The first one is more robust from a capacity viewpoint.  It's housing is shorter and more squatty compared to the second model.  The second model is a bit slimmer and gives you more working space around the bearing housing.   I am sure both are top shelf and of course their prices reflects that.   They both are available on Zoro for around $500 delivered and both are drop shipped from Royal.  They do not appear to be stocked by Zoro.  If I were going to buy these, I would wait for a Zoro flash sale for 25 to 30% off and Zoro's free shipping.  

While these Royals are very attractive from a quality and technical viewpoint, the costs are high.  These costs make me really question the need a 6000 rpm live center for a 2500 rpm (normally 1800 w/o VFD) 1340 lathe.   Flipside the accuracy of the PM1340GT continues to impress me and I am planning on using it for some fairly small parts where runout is a big issue. 

Studies will continue!   But if I had to chose between these two Royals, I'd likely go with the Mdl # 10663 (the second one).  It provides a smaller diameter body and therefore some extra space.


----------



## Alan H. (Nov 3, 2017)

On the Royal theme and for entertainment.

Here's one of the models discussed above for $165 delivered on ebay!  Seems like a really good deal until you think it through.  It obviously needs to be rebuilt since its tip seems to have spent more time under the cutter than the workpieces it's held. 

A rebuild by Royal is likely half the cost of a new one plus shipping to and fro.  So that would be at least $275.  So $275 plus $165 = $440.  That's more than you can buy a new one for from Zoro when their flash sales come 'round!   Add in your time and effort and it is an absolute bust.  ebay is not a trustworthy marketplace to say the least.   I use it often but have been burned enough to be quite cautious.


----------



## Dan_S (Nov 3, 2017)

Alan H said:


> Comparing a couple of Royals:
> While these Royals are very attractive from a quality and technical viewpoint, the costs are high.  These costs make me really question the need a 6000 rpm live center for a 2500 rpm (normally 1800 w/o VFD) 1340 lathe.

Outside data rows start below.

(* Let $D$ be an integral domain and $\star$ a semistar operation on $D$. The following are equivalent: (i) $D$ is a P$\star$MD; (ii) for every overring $T$ of $D$ and every semistar operation $\star'$ on $T$ such that $T$ is $(\star,\star')$-linked to $D$, $T$ is $(\star,\star')$-flat over $D$; (iii) for every overring $T$ of $D$, $T$ is $(\star,\ell_{\star,T})$-flat over $D$; (iv) every overring of $D$ that is $t$-linked to $(D,\star)$ is $t$-flat over $(D,\star)$; (v) every overring $T$ of $D$ that is $(\star,d_T)$-linked to $D$ is $(\star,d_T)$-flat over $D$.
   Context: Let $D$ be an integral domain with quotient field $K$. $\overline{\mathbf F}(D)$ denotes the set of all nonzero $D$-submodules of $K$ and $\mathbf f(D)$ the set of nonzero finitely generated $D$-submodules of $K$. A semistar operation on $D$ is a map $\star:\overline{\mathbf F}(D)\to\overline{\mathbf F}(D)$, $E\mapsto E^\star$, such that for all $0\ne x\in K$ and $E,F\in\overline{\mathbf F}(D)$: (1) $(xE)^\star=xE^\star$; (2) $E\subseteq F\Rightarrow E^\star\subseteq F^\star$; (3) $E\subseteq E^\star$ and $(E^\star)^\star=E^\star$. $\star_f$ is defined by $E^{\star_f}=\bigcup\{F^\star:F\in\mathbf f(D),F\subseteq E\}$. A nonzero ideal $I$ of $D$ is a quasi-$\star$-ideal if $I^\star\cap D=I$; a quasi-$\star$-prime is a prime quasi-$\star$-ideal. An overring of $D$ is a ring $T$ with $D\subseteq T\subseteq K$; the same notions are defined on $T$. $d_T$ is the identity operation on $T$; $v_T$ is $E\mapsto(T:_K(T:_KE))$ and $t_T:=(v_T)_f$. $T$ is $(\star,\star')$-linked to $D$ if for every nonzero finitely generated ideal $F\subseteq D$ with $F^\star=D^\star$ one has $(FT)^{\star'}=T^{\star'}$; $T$ is $t$-linked to $(D,\star)$ if it is $(\star,t_T)$-linked to $D$. $T$ is $(\star,\star')$-flat over $D$ if it is $(\star,\star')$-linked to $D$ and $D_{Q\cap D}=T_Q$ for every quasi-$\star'_f$-prime ideal $Q$ of $T$; $T$ is $t$-flat over $(D,\star)$ if it is $(\star,t_T)$-flat over $D$. The semistar operation $\ell_{\star,T}$ on $T$ is $E^{\ell_{\star,T}}=\bigcap\{ET_{D\setminus P}:P$ a quasi-$\star_f$-prime of $D\}$ (equal to $K$ if there are none). $D$ is a P$\star$MD if every $F\in\mathbf f(D)$ satisfies $(FF^{-1})^{\star_f}=D^\star$, where $F^{-1}=(D:_KF)$. *)

(* The quotient field K of D is an abstract field; D and
   all its overrings are subrings of K, and D-submodules of K are
   predicates on K (Prop-valued subsets). *)
From mathcomp Require Import all_boot all_order all_algebra.
Set Implicit Arguments. Unset Strict Implicit. Unset Printing Implicit Defensive.
Import GRing.Theory.
Local Open Scope ring_scope.

Section Defs.
Variable K : fieldType.

Definition kset := K -> Prop.

Definition subset (A B : kset) : Prop := forall x, A x -> B x.
Definition seteq (A B : kset) : Prop := forall x, A x <-> B x.

Definition is_subring (R : kset) : Prop :=
  [/\ R 0, R 1, (forall x y, R x -> R y -> R (x + y)),
      (forall x, R x -> R (- x)) & (forall x y, R x -> R y -> R (x * y))].

Definition is_quotient_field (D : kset) : Prop :=
  forall x, exists a b, [/\ D a, D b, b != 0 & x = a / b].

Definition overring (D T : kset) : Prop := is_subring T /\ subset D T.

Definition submodule (R E : kset) : Prop :=
  [/\ E 0, (forall x y, E x -> E y -> E (x + y)) &
      (forall r x, R r -> E x -> E (r * x))].

Definition nonzero (E : kset) : Prop := exists x, x != 0 /\ E x.

Definition Fbar (R E : kset) : Prop := submodule R E /\ nonzero E.

Definition mulset (A B : kset) : kset := fun x =>
  exists s : seq (K * K),
    (forall p, p \in s -> A p.1 /\ B p.2) /\ x = \sum_(p <- s) p.1 * p.2.

Definition span (R : kset) (s : seq K) : kset :=
  mulset (fun y => y \in s) R.

Definition fgen (R E : kset) : Prop :=
  (exists s : seq K, seteq E (span R s)) /\ nonzero E.

Definition scale (x : K) (E : kset) : kset := fun y => exists e, E e /\ y = x * e.

Definition semistar (R : kset) (star : kset -> kset) : Prop :=
  [/\ (forall E, Fbar R E -> Fbar R (star E)),
      (forall x E, x != 0 -> Fbar R E -> seteq (star (scale x E)) (scale x (star E))),
      (forall E F, Fbar R E -> Fbar R F -> subset E F -> subset (star E) (star F)),
      (forall E, Fbar R E -> subset E (star E)) &
      (forall E, Fbar R E -> seteq (star (star E)) (star E))].

Definition star_f (R : kset) (star : kset -> kset) : kset -> kset :=
  fun E x => exists F, [/\ fgen R F, subset F E & star F x].

Definition ideal (R I : kset) : Prop := subset I R /\ submodule R I /\ nonzero I.

Definition quasi_ideal (R : kset) (star : kset -> kset) (I : kset) : Prop :=
  ideal R I /\ seteq (fun x => star I x /\ R x) I.

Definition is_prime (R P : kset) : Prop :=
  (exists x, R x /\ ~ P x) /\
  (forall a b, R a -> R b -> P (a * b) -> P a \/ P b).

Definition quasi_prime (R : kset) (star : kset -> kset) (P : kset) : Prop :=
  quasi_ideal R star P /\ is_prime R P.

Definition frac (A S P : kset) : kset := fun x =>
  exists a s, [/\ A a, S s, ~ P s & x = a / s].

Definition loc (R P : kset) : kset := frac R R P.

Definition d_op : kset -> kset := fun E => E.
Definition colon (R E : kset) : kset := fun x => forall e, E e -> R (x * e).
Definition v_op (T : kset) : kset -> kset := fun E => colon T (colon T E).
Definition t_op (T : kset) : kset -> kset := star_f T (v_op T).

Definition linked (D : kset) (star : kset -> kset) (T : kset) (star' : kset -> kset) : Prop :=
  forall F, fgen D F -> subset F D -> seteq (star F) (star D) ->
    seteq (star' (mulset F T)) (star' T).

Definition flat (D : kset) (star : kset -> kset) (T : kset) (star' : kset -> kset) : Prop :=
  linked D star T star' /\
  forall Q, quasi_prime T (star_f T star') Q ->
    seteq (loc D (fun x => Q x /\ D x)) (loc T Q).

Definition ell_op (D : kset) (star : kset -> kset) (T : kset) : kset -> kset :=
  fun E x => forall P, quasi_prime D (star_f D star) P -> mulset E (frac T D P) x.

Definition PstarMD (D : kset) (star : kset -> kset) : Prop :=
  forall F, fgen D F -> seteq (star_f D star (mulset F (colon D F))) (star D).

End Defs.

(* If D is a P*MD and a, b are in D, the ideal (a, b)(a, b)^-1 contains a
   finitely generated G with G^* = D^*.  Linkedness keeps G out of every
   quasi-prime Q of T, which produces g in (a, b)^-1 with ag or bg outside Q,
   so a/b is rewritten with a denominator in D \ Q: this is the flatness.
   Conversely, if 1 is not in (F F^-1)^{*_f}, Zorn gives a quasi-*_f-prime P
   containing F F^-1, and Chevalley's extension theorem (via Kaplansky's
   polynomial lemma) gives a valuation overring V of D_P whose maximal ideal
   m contains P.  V is linked to D for each of d, t and ell, and m is a
   quasi-prime for each of them, so flatness gives V = V_m = D_(m /\ D).
   Taking a generator a of F of least value and a common denominator c in
   D \ m of the y/a (y in F), c/a lies in F^-1, so c = a (c/a) lies in
   F F^-1, which is contained in m: a contradiction. *)
From mathcomp Require Import all_boot all_order all_algebra.
From mathcomp Require classical_sets.
From mathcomp Require Import ring.
From Stdlib Require Import Classical.
Set Implicit Arguments. Unset Strict Implicit. Unset Printing Implicit Defensive.
Import GRing.Theory.
Local Open Scope ring_scope.

Section Sets.
Variable K : fieldType.
Implicit Types (A B C R : kset K) (F : kset K -> Prop) (x y : K).

Definition chain F := forall X Y, F X -> F Y -> subset X Y \/ subset Y X.

Definition bigunion F : kset K := fun x => exists X, F X /\ X x.

Lemma chain_bigunion_seq F (s : seq K) : chain F -> (exists X, F X) ->
  (forall y, y \in s -> bigunion F y) -> exists X, F X /\ forall y, y \in s -> X y.
Proof.
move=> tot [X0 FX0]; elim: s => [|y s IH] hs; first by exists X0.
have [X1 [FX1 X1y]] := hs y (mem_head _ _).
have [X2 [FX2 X2s]] : exists X, F X /\ forall z, z \in s -> X z.
  by apply: IH => z zs; apply: hs; rewrite in_cons zs orbT.
case: (tot _ _ FX1 FX2) => h.
  by exists X2; split => // z; rewrite in_cons => /orP [/eqP ->|]; [exact: h|exact: X2s].
by exists X1; split => // z; rewrite in_cons => /orP [/eqP ->|zs] //; exact/h/X2s.
Qed.

Lemma chain_bigunion2 F a b : chain F -> bigunion F a -> bigunion F b ->
  exists X, [/\ F X, X a & X b].
Proof.
move=> tot ha hb.
have hne : exists X, F X by case: ha => X [FX _]; exists X.
have hs : forall y, y \in [:: a; b] -> bigunion F y.
  by move=> y; rewrite !inE => /orP [] /eqP ->.
have [X [FX Xab]] := chain_bigunion_seq tot hne hs.
by exists X; split => //; apply: Xab; rewrite !inE eqxx ?orbT.
Qed.

(* The empty set is added to the candidates so that Zorn's lemma may be fed
   the empty chain. *)
Lemma zorn_maximal (P : kset K -> Prop) A0 : P A0 -> (exists x, A0 x) ->
  (forall F, (forall X, F X -> P X) -> chain F -> (exists X, F X) -> P (bigunion F)) ->
  exists M, P M /\ forall B, P B -> subset M B -> subset B M.
Proof.
move=> PA0 [a A0a] Pchain.
pose Q X := (forall x, ~ X x) \/ P X.
have [M [QM Mmax]] : exists M, Q M /\ forall B, classical_sets.proper M B -> ~ Q B.
  apply: classical_sets.Zorn_bigcup => F FQ tot.
  case: (classic (exists X x, F X /\ X x)) => [[X0 [x0 [FX0 X0x0]]]|hne]; last first.
    by left => x [X FX Xx]; apply: hne; exists X, x.
  right; pose F' X := F X /\ exists x, X x.
  have -> : classical_sets.bigcup F id = bigunion F'.
    apply: boolp.funext => x; apply: boolp.propext; split.
      by case=> X FX Xx; exists X; split => //; split => //; exists x.
    by case=> X [[FX _] Xx]; exists X.
  apply: Pchain.
  - by move=> X [FX [x Xx]]; case: (FQ X FX) => // h; case: (h x).
  - by move=> X Y [FX _] [FY _]; apply: tot.
  - by exists X0; split => //; exists x0.
have maxM B : P B -> subset M B -> subset B M.
  move=> PB MB x Bx; apply: NNPP => nMx; apply: (Mmax B); last by right.
  by split => // BM; apply: nMx; apply: BM.
case: QM => [Mempty|PM]; last by exists M.
by exfalso; apply: (Mempty a); apply: (maxM A0) => // x /Mempty.
Qed.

This is the crux of the issue. Unless you plan on upgrading to a higher rpm machine, or have use cases that require a lot of tail stock pressure, you are just throwing money out the window in my opinion.  Three things drive up bearing costs, tolerances, load capacity, and maximum rpm.


----------



## bss1 (Nov 3, 2017)

I was thinking along those same lines and was considering this one because of the relatively low RPM capability of the 1340 and my unlikely need for a high weight capacity or liquid proof seal for that matter .
http://zlivecenter.com/mt3-livecenter/S07002MT3

It has a smaller body than the mid priced model from Z-Live or Shars, but likely lesser bearings.


----------



## Alan H. (Nov 3, 2017)

Brad, that looks like a good option.  A bit shorter on the reach but also the body is smaller which would help.  

I agree on no need for being coolant proof.  I use a Fog Buster from time to time but "coolant proof" is not a requirement for me either.


----------



## Alan H. (Nov 7, 2017)

Thanks for all the feedback.

Here's where I landed.  One of my buddies reminded me of a deal I'd seen on ebay and I was able to buy a brand spanking new quad bearing Royal at a very, very attractive price.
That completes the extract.